---------- Data for analysis

Definition near_short_cycle (T t a : nat) : Prop :=
  exists s, (s < t)%nat /\ exists e, (e < 2 * B)%nat /\
    on_short_cycle B e1 e2 (2 * T) (ub B e) /\ reaches (S s) a e.

Section Walks.
Variables (L : nat -> R) (sigma : nat -> nat -> nat -> Cplx) (k : R).
Hypothesis Hnb : no_backscattering B e1 e2 n sigma.

Local Notation U := (Umat B e1 e2 L sigma k).

Lemma Umat_neq0_nb_step x y : (x < 2 * B)%nat -> (y < 2 * B)%nat -> U x y <> C0 -> nb_step x y.
Proof.
  intros Hx Hy H. unfold Umat, Smat in H.
  destruct (Nat.eqb_spec (tb B e1 e2 x) (ob B e1 e2 y)) as [E|]; [|exfalso; apply H; Csimpl].
  split; [auto|split; [auto|]]. intros ->. apply H.
  rewrite ub_revb, Hnb by auto using tb_lt, ub_lt, incident_tb. Csimpl.
Qed.

Lemma mpow_neq0_rwalk t x c : (x < 2 * B)%nat -> (c < 2 * B)%nat ->
  mpow (2 * B) U t x c <> C0 -> exists l, rwalk l x c /\ length l = S t.
Proof.
  revert c; induction t; intros c Hx Hc H.
  - simpl in H. unfold kron in H. destruct (Nat.eqb_spec x c) as [<-|]; [|contradiction].
    exists [x]; split; auto using rwalk1.
  - rewrite mpow_S_r in H by auto. apply Csum_neq0 in H as [z [Hz H]].
    apply Cmul_neq0 in H as [H1 H2].
    destruct (IHt z Hx Hz H1) as [l [Hl Hlen]]. exists (c :: l). split.
    + econstructor; eauto. apply Umat_neq0_nb_step; auto.
    + simpl; auto.
Qed.

(* Two nonzero terms of (U^(t+1))_{ac} = sum_x U_{ax} (U^t)_{xc} come from two walks
   that fork at a, which closes a cycle of length <= 2t. *)
Lemma mpow_S_single_support T t a c : (t < T)%nat -> (a < 2 * B)%nat -> (c < 2 * B)%nat ->
  ~ near_short_cycle T (S t) a -> forall x y, (x < 2 * B)%nat -> (y < 2 * B)%nat -> x <> y ->
  Cmul (U a x) (mpow (2 * B) U t x c) = C0 \/ Cmul (U a y) (mpow (2 * B) U t y c) = C0.
Proof.
  intros Ht Ha Hc Hfar x y Hx Hy Hxy.
  destruct (excluded_middle_informative (Cmul (U a x) (mpow (2 * B) U t x c) = C0)); auto.
  destruct (excluded_middle_informative (Cmul (U a y) (mpow (2 * B) U t y c) = C0)); auto.
  exfalso. apply Cmul_neq0 in n0 as [Ux Px], n1 as [Uy Py].
  apply Umat_neq0_nb_step in Ux, Uy; auto.
  destruct (mpow_neq0_rwalk t x c Hx Hc Px) as [l1 [Hl1 Hn1]].
  destruct (mpow_neq0_rwalk t y c Hy Hc Py) as [l2 [Hl2 Hn2]].
  destruct (rwalks_fork_cycle l1 x c Hl1 l2 y Hl2) as [p [Hp [Hplen Hpx]]]; auto.
  - congruence.
  - destruct Ux as [_ [? _]], Uy as [_ [? _]]; congruence.
  - apply Hfar. exists O. split; [lia|]. exists x. split; [auto|split].
    + exists p, x. rewrite Hn1 in Hplen. split; [exact Hp|split; [lia|auto]].
    + exists x. split; auto. reflexivity.
Qed.

Lemma Cnorm2_mpow_far_from_cycles T t a c : (t <= T)%nat -> (a < 2 * B)%nat ->
  (c < 2 * B)%nat -> ~ near_short_cycle T t a ->
  Cnorm2 (mpow (2 * B) U t a c) = Mpow B e1 e2 sigma t a c.
Proof.
  revert a; induction t; intros a Ht Ha Hc Hfar; simpl.
  - unfold kron. destruct (Nat.eqb a c); [apply Cnorm2_Cone|apply Cnorm2_C0].
  - rewrite Cnorm2_Csum_single_support by (apply (mpow_S_single_support T); auto; lia).
    apply Rsum_ext; intros x Hx. rewrite Cnorm2_mul, Cnorm2_Umat.
    destruct (excluded_middle_informative (U a x = C0)) as [E|E].
    + rewrite <- (Cnorm2_Umat L sigma k), E, Cnorm2_C0. ring.
    + rewrite IHt; auto; [lia|]. intros [s [Hs [e [He [Hcyc Hreach]]]]].
      apply Hfar. exists (S s). split; [lia|]. exists e. repeat split; auto.
      exists x. split; auto. apply Umat_neq0_nb_step; auto.
Qed.

End Walks.

Lemma count_tb_eq_degree v : countP (2 * B) (fun a => tb B e1 e2 a = v) = degree B e1 e2 v.
Proof.
  destruct Hg as [Hv _]. unfold degree. rewrite countP_filter.
  replace (2 * B)%nat with (B + B)%nat by lia. rewrite countP_split.
  rewrite (countP_ext B (fun e => incidentb e1 e2 v e = true) (fun e => e2 e = v \/ e1 e = v))
    by (intros; unfold incidentb; rewrite Bool.orb_true_iff, !Nat.eqb_eq; tauto).
  rewrite countP_disj.
  - f_equal; apply countP_ext; intros i Hi; unfold tb.
    + destruct (Nat.ltb_spec i B); [tauto|lia].
    + destruct (Nat.ltb_spec (B + i) B); [lia|]. replace (B + i - B)%nat with i by lia. tauto.
  - intros i Hi [E2 E1]. destruct (Hv i Hi) as [_ [_ Hne]]. congruence.
Qed.

Section Regular.
Variable d : nat.
Hypothesis Hreg : regular B e1 e2 n d.

(* All bonds into ob x except revb x may precede x. *)
Lemma count_nb_step_into_le x : (x < 2 * B)%nat ->
  (countP (2 * B) (fun a => nb_step a x) <= d - 1)%nat.
Proof.
  intros Hx.
  eapply Nat.le_trans.
  - apply (countP_le _ _ (fun a => tb B e1 e2 a = ob B e1 e2 x /\ a <> revb B x)).
    intros a Ha [_ [Ht Hn]]. split; auto. intros ->. apply Hn. rewrite revb_involutive; auto.
  - pose proof (countP_remove (2 * B) (fun a => tb B e1 e2 a = ob B e1 e2 x) (revb B x)
      (revb_lt x Hx) (tb_revb x Hx)) as Hrem.
    rewrite count_tb_eq_degree, Hreg in Hrem by (apply ob_lt; auto). lia.
Qed.

Lemma count_reaches_le s e : (e < 2 * B)%nat ->
  (countP (2 * B) (fun a => reaches s a e) <= Nat.pow (d - 1) s)%nat.
Proof.
  intros He; induction s; simpl.
  - apply countP_eq_le_1.
  - rewrite (countP_ext _ _ (fun a => exists x, (x < 2 * B)%nat /\ reaches s x e /\ nb_step a x)).
    + eapply Nat.le_trans; [apply countP_exists_le; intros; apply count_nb_step_into_le; auto|].
      rewrite Nat.mul_comm. apply Nat.mul_le_mono_l; auto.
    + intros a _; split.
      * intros [x [Hs Hr]]. exists x. split; [apply Hs|auto].
      * intros [x [_ [Hr Hs]]]; eauto.
Qed.

Lemma count_on_short_cycle_directed T :
  countP (2 * B) (fun e => on_short_cycle B e1 e2 (2 * T) (ub B e))
  = (2 * card_CBt B e1 e2 (2 * T))%nat.
Proof.
  unfold card_CBt. replace (2 * B)%nat with (B + B)%nat by lia. rewrite countP_split.
  rewrite (countP_ext B (fun e => on_short_cycle B e1 e2 (2 * T) (ub B e))
                        (on_short_cycle B e1 e2 (2 * T)))
    by (intros i Hi; unfold ub; destruct (Nat.ltb_spec i B); [tauto|lia]).
  rewrite (countP_ext B (fun i => on_short_cycle B e1 e2 (2 * T) (ub B (B + i)))
                        (on_short_cycle B e1 e2 (2 * T))).
  - lia.
  - intros i Hi; unfold ub; destruct (Nat.ltb_spec (B + i) B); [lia|].
    replace (B + i - B)%nat with i by lia. tauto.
Qed.

Lemma count_near_short_cycle_le T t : (3 <= d)%nat ->
  INR (countP (2 * B) (near_short_cycle T t))
  <= 4 * INR (card_CBt B e1 e2 (2 * T)) * (INR d - 1) ^ t.
Proof.
  intros Hd. unfold near_short_cycle.
  eapply Rle_trans; [apply INR_countP_exists_le|].
  assert (Hd1 : INR (d - 1) = INR d - 1) by (rewrite minus_INR by lia; simpl; ring).
  eapply Rle_trans.
  - apply Rsum_le with (G := fun s => INR (2 * card_CBt B e1 e2 (2 * T)) * (INR d - 1) ^ (S s)).
    intros s Hs. rewrite <- Hd1, <- pow_INR, <- mult_INR. apply le_INR.
    rewrite <- count_on_short_cycle_directed.
    apply countP_exists_le. intros; apply count_reaches_le; auto.
  - rewrite <- Rsum_mul_l, mult_INR. simpl (INR 2).
    assert (Hr : 2 <= INR d - 1) by (apply le_INR in Hd; simpl in Hd; lra).
    pose proof (sum_pow_le _ t Hr). pose proof (pos_INR (card_CBt B e1 e2 (2 * T))). nra.
Qed.

End Regular.

Lemma Mpow_nonneg sigma t a c : 0 <= Mpow B e1 e2 sigma t a c.
Proof.
  revert a; induction t; intros a; simpl.
  - destruct (Nat.eqb a c); lra.
  - apply Rsum_nonneg; intros. apply Rmult_le_pos; auto. apply Cnorm2_nonneg.
Qed.

Lemma Mpow_row_sum sigma : vertex_unitary B e1 e2 n sigma ->
  forall t a, (a < 2 * B)%nat -> Rsum (2 * B) (fun c => Mpow B e1 e2 sigma t a c) = 1.
Proof.
  intros Hu; induction t; intros a Ha; simpl.
  - rewrite (Rsum_single _ _ a Ha), Nat.eqb_refl; auto.
    intros i _ Hi. destruct (Nat.eqb_spec a i); [lia|auto].
  - rewrite Rsum_swap, (Rsum_ext _ _ (fun x => Mmat B e1 e2 sigma a x))
      by (intros; rewrite <- Rsum_mul_l, IHt by auto; ring).
    pose proof (Smat_row_unitary sigma Hu a a Ha Ha) as Hrow.
    unfold kron in Hrow; rewrite Nat.eqb_refl in Hrow.
    rewrite (Csum_ext _ _ (fun c => CR (Mmat B e1 e2 sigma a c))) in Hrow
      by (intros; apply Cmul_conj_r).
    rewrite <- CR_sum in Hrow. apply (f_equal re) in Hrow. exact Hrow.
Qed.

Lemma re_f_Mt_f sigma t f :
  re (f_Mt_f B e1 e2 sigma t f) = Rsum (2 * B) (fun a => Rsum (2 * B) (fun a' =>
    Mpow B e1 e2 sigma t a a' * re (Cmul (Cconj (f a)) (f a')))).
Proof.
  unfold f_Mt_f, cinner. rewrite re_sum. apply Rsum_ext; intros.
  rewrite Csum_mul_l, re_sum. apply Rsum_ext; intros. destruct (f i), (f i0); simpl. ring.
Qed.

(* Rows a far from short cycles contribute exactly as in <f, M^t f>; each other row
   contributes at most 2 kappa^2, as both |U^t|^2 and M^t are stochastic in the row. *)
Lemma lag_corr_le d L sigma k T t f kappa : (3 <= d)%nat -> regular B e1 e2 n d ->
  vertex_unitary B e1 e2 n sigma -> no_backscattering B e1 e2 n sigma -> (t <= T)%nat ->
  0 < kappa -> (forall b, (b < 2 * B)%nat -> Cabs (f b) <= kappa) ->
  lag_corr (2 * B) (Umat B e1 e2 L sigma k) f t
  <= re (f_Mt_f B e1 e2 sigma t f)
     + 8 * kappa ^ 2 * (INR d - 1) ^ t * INR (card_CBt B e1 e2 (2 * T)).
Proof.
  intros Hd Hreg Hu Hnb Ht Hk Hf. set (U := Umat B e1 e2 L sigma k).
  set (cf a a' := re (Cmul (Cconj (f a)) (f a'))).
  rewrite re_f_Mt_f. unfold lag_corr. fold cf.
  rewrite (Rsum_ext _ _ (fun a =>
      Rsum (2 * B) (fun a' => Mpow B e1 e2 sigma t a a' * cf a a')
      + Rsum (2 * B) (fun a' => (Cnorm2 (mpow (2 * B) U t a a') - Mpow B e1 e2 sigma t a a') * cf a a')))
    by (intros; rewrite <- Rsum_add; apply Rsum_ext; intros; unfold cf; ring).
  rewrite Rsum_add. apply Rplus_le_compat_l.
  eapply Rle_trans.
  - apply Rsum_le_countP with (P := near_short_cycle T t) (K := 2 * (kappa * kappa)); [nra| |].
    + intros a Ha Hfar. right. apply Rsum_eq0; intros a' Ha'.
      unfold U; rewrite (Cnorm2_mpow_far_from_cycles L sigma k Hnb T) by auto. ring.
    + intros a Ha _.
      apply Rle_trans with (Rsum (2 * B) (fun a' =>
        kappa * kappa * Cnorm2 (mpow (2 * B) U t a a') + kappa * kappa * Mpow B e1 e2 sigma t a a')).
      * apply Rsum_le; intros a' Ha'.
        pose proof (re_Cmul_conj_le (f a) (f a') kappa (Hf a Ha) (Hf a' Ha')).
        pose proof (Cnorm2_nonneg (mpow (2 * B) U t a a')).
        pose proof (Mpow_nonneg sigma t a a').
        pose proof (Rle_abs (cf a a')). pose proof (Rle_abs (- cf a a')).
        rewrite Rabs_Ropp in *. unfold cf in *.
        destruct (Rle_dec 0 (Cnorm2 (mpow (2 * B) U t a a') - Mpow B e1 e2 sigma t a a')); nra.
      * right. rewrite Rsum_add, <- !Rsum_mul_l, mpow_row_norm, Mpow_row_sum by
          (auto; apply Umat_row_unitary; auto). ring.
  - pose proof (count_near_short_cycle_le d Hreg T t Hd).
    replace (kappa ^ 2) with (kappa * kappa) by ring.
    assert (0 <= INR (card_CBt B e1 e2 (2 * T)) * (INR d - 1) ^ t).
    { apply Rmult_le_pos; [apply pos_INR|]. apply pow_le. apply le_INR in Hd. simpl in Hd. lra. }
    nra.
Qed.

--------------------

Activity
Give an exact copy of the lines above from the line with "Variables (L : nat" up to and including the line with "apply Cmul_neq0 in H as [H1 H2].", and leave everything else out.

Answer to the problem
Variables (L : nat -> R) (sigma : nat -> nat -> nat -> Cplx) (k : R).
Hypothesis Hnb : no_backscattering B e1 e2 n sigma.

Local Notation U := (Umat B e1 e2 L sigma k).

Lemma Umat_neq0_nb_step x y : (x < 2 * B)%nat -> (y < 2 * B)%nat -> U x y <> C0 -> nb_step x y.
Proof.
  intros Hx Hy H. unfold Umat, Smat in H.
  destruct (Nat.eqb_spec (tb B e1 e2 x) (ob B e1 e2 y)) as [E|]; [|exfalso; apply H; Csimpl].
  split; [auto|split; [auto|]]. intros ->. apply H.
  rewrite ub_revb, Hnb by auto using tb_lt, ub_lt, incident_tb. Csimpl.
Qed.

Lemma mpow_neq0_rwalk t x c : (x < 2 * B)%nat -> (c < 2 * B)%nat ->
  mpow (2 * B) U t x c <> C0 -> exists l, rwalk l x c /\ length l = S t.
Proof.
  revert c; induction t; intros c Hx Hc H.
  - simpl in H. unfold kron in H. destruct (Nat.eqb_spec x c) as [<-|]; [|contradiction].
    exists [x]; split; auto using rwalk1.
  - rewrite mpow_S_r in H by auto. apply Csum_neq0 in H as [z [Hz H]].
    apply Cmul_neq0 in H as [H1 H2].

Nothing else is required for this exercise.